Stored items
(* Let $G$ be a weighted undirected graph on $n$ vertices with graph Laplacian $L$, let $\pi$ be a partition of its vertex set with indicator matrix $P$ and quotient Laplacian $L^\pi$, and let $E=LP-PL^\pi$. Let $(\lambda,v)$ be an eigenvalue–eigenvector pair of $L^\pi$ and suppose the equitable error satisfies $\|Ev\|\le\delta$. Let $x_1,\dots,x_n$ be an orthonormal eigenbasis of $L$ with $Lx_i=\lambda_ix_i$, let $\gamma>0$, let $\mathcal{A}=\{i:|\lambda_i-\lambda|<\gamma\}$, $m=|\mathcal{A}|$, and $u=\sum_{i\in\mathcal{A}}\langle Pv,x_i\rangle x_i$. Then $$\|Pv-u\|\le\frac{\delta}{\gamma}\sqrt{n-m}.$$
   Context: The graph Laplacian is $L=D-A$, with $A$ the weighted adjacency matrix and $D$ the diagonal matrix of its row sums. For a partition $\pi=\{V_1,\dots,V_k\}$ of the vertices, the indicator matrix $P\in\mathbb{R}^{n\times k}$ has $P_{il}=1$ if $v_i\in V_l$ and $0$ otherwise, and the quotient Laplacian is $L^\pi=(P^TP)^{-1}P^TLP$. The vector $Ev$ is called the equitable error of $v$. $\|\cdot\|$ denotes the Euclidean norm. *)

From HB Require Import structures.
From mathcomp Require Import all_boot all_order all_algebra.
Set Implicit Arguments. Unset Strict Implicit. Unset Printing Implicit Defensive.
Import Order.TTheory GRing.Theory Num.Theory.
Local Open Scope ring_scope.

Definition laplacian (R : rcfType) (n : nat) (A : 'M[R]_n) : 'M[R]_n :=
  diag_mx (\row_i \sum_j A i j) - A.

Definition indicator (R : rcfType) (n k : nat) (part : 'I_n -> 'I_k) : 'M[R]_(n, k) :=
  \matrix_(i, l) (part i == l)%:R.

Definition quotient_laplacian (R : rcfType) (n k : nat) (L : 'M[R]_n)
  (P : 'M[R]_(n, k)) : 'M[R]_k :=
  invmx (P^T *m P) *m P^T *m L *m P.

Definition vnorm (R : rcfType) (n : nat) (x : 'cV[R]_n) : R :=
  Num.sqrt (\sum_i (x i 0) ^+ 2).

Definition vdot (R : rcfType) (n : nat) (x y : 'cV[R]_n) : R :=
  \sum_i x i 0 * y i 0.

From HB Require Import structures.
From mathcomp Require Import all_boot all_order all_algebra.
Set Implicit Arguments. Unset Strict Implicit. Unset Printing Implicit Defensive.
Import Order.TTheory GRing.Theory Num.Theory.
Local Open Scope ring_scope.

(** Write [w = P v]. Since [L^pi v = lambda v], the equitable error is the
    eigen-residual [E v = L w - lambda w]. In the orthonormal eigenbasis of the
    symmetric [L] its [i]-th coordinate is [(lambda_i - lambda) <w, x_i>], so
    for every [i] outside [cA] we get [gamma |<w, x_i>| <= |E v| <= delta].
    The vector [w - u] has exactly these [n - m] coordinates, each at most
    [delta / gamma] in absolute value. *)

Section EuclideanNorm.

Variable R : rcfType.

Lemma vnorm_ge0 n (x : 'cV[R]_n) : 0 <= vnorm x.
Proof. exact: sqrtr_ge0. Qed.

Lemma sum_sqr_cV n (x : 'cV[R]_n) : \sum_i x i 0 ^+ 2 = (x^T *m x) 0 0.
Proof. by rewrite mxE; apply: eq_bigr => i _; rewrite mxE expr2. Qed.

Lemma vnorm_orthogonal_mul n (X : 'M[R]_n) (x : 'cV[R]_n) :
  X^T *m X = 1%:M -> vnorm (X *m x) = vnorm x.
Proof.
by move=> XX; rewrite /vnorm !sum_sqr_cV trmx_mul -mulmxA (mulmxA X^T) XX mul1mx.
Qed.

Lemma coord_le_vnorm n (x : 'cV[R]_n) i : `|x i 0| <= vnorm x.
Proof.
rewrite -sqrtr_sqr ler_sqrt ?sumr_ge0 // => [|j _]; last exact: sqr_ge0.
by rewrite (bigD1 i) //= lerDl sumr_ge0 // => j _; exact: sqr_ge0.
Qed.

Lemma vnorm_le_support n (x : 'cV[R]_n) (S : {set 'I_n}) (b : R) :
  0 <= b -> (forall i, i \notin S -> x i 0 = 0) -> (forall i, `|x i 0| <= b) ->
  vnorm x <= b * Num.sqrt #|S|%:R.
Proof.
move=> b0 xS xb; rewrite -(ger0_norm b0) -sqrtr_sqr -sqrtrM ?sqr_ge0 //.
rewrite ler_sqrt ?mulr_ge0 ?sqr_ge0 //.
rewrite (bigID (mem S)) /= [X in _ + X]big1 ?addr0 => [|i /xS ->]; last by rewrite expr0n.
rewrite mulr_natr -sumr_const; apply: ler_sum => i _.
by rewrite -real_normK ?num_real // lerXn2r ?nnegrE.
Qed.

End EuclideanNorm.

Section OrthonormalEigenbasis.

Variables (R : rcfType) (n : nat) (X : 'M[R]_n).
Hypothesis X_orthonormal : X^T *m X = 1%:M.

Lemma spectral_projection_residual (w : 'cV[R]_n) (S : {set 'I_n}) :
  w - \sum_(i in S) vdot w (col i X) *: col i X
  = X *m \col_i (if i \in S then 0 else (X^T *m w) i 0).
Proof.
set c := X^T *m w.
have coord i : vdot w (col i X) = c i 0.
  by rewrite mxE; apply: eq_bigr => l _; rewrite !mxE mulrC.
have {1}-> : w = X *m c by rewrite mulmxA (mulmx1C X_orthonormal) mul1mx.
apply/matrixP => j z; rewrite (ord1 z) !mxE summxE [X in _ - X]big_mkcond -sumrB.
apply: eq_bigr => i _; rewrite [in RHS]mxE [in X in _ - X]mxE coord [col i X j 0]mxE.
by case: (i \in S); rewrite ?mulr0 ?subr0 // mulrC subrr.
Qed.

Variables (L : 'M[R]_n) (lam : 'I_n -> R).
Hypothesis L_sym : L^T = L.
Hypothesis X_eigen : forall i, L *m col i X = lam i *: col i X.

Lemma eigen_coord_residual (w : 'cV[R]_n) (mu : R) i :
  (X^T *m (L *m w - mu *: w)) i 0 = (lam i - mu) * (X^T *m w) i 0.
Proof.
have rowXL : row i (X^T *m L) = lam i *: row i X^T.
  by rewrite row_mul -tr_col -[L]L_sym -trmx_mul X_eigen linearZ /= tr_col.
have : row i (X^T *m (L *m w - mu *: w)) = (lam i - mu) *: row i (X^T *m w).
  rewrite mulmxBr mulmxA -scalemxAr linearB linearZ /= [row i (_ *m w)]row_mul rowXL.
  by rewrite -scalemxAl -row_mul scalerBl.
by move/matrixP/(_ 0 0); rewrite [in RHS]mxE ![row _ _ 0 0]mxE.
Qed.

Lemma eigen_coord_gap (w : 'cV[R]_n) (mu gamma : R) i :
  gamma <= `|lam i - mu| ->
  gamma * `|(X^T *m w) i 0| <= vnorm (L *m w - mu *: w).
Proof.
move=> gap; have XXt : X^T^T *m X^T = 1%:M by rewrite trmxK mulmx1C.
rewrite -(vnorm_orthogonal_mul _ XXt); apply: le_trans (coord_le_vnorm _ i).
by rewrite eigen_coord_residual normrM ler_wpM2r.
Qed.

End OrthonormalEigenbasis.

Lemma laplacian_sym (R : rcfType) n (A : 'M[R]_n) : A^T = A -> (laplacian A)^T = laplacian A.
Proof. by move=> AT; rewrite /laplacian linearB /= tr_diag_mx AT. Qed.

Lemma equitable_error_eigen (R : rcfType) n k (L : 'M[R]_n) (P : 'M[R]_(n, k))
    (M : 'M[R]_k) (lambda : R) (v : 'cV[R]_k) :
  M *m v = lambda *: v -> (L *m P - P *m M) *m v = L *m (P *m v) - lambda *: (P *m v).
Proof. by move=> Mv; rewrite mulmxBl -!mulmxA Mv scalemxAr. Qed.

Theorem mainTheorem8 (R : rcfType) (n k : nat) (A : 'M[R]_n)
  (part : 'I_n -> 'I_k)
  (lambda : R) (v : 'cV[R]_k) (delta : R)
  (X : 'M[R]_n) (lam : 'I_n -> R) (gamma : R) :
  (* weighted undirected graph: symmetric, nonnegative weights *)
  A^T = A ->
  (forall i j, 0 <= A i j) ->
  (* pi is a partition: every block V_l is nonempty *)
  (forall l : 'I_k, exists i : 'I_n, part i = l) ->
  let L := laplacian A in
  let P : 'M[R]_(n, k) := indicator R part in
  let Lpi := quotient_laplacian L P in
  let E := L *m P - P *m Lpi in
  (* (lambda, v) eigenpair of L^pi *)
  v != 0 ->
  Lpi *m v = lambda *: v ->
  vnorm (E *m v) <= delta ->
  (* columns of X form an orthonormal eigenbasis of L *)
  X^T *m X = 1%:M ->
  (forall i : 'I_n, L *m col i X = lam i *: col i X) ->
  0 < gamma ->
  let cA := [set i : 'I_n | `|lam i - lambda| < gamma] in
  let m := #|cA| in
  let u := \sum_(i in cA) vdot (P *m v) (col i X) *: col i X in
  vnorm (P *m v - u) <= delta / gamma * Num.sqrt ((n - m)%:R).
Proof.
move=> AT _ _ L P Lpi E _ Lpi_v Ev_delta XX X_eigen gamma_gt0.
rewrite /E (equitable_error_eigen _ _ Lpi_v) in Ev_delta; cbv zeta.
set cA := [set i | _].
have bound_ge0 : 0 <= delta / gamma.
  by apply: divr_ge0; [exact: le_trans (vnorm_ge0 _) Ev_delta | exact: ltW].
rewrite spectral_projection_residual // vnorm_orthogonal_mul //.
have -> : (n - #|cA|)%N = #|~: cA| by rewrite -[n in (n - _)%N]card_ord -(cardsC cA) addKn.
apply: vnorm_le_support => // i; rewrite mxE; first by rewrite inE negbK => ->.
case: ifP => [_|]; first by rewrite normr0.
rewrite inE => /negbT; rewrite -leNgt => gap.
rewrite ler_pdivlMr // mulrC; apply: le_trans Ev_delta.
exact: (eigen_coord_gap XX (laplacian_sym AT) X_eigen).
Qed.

◆ Task brief: What you give back must be the stretch above, starting at the line with "(mulmx1C X_orthonormal) mul1mx." and ending at the line with "have : row i", copied exactly.

◆ Result for this exercise:
have {1}-> : w = X *m c by rewrite mulmxA (mulmx1C X_orthonormal) mul1mx.
apply/matrixP => j z; rewrite (ord1 z) !mxE summxE [X in _ - X]big_mkcond -sumrB.
apply: eq_bigr => i _; rewrite [in RHS]mxE [in X in _ - X]mxE coord [col i X j 0]mxE.
by case: (i \in S); rewrite ?mulr0 ?subr0 // mulrC subrr.
Qed.

Variables (L : 'M[R]_n) (lam : 'I_n -> R).
Hypothesis L_sym : L^T = L.
Hypothesis X_eigen : forall i, L *m col i X = lam i *: col i X.

Lemma eigen_coord_residual (w : 'cV[R]_n) (mu : R) i :
  (X^T *m (L *m w - mu *: w)) i 0 = (lam i - mu) * (X^T *m w) i 0.
Proof.
have rowXL : row i (X^T *m L) = lam i *: row i X^T.
  by rewrite row_mul -tr_col -[L]L_sym -trmx_mul X_eigen linearZ /= tr_col.
have : row i (X^T *m (L *m w - mu *: w)) = (lam i - mu) *: row i (X^T *m w).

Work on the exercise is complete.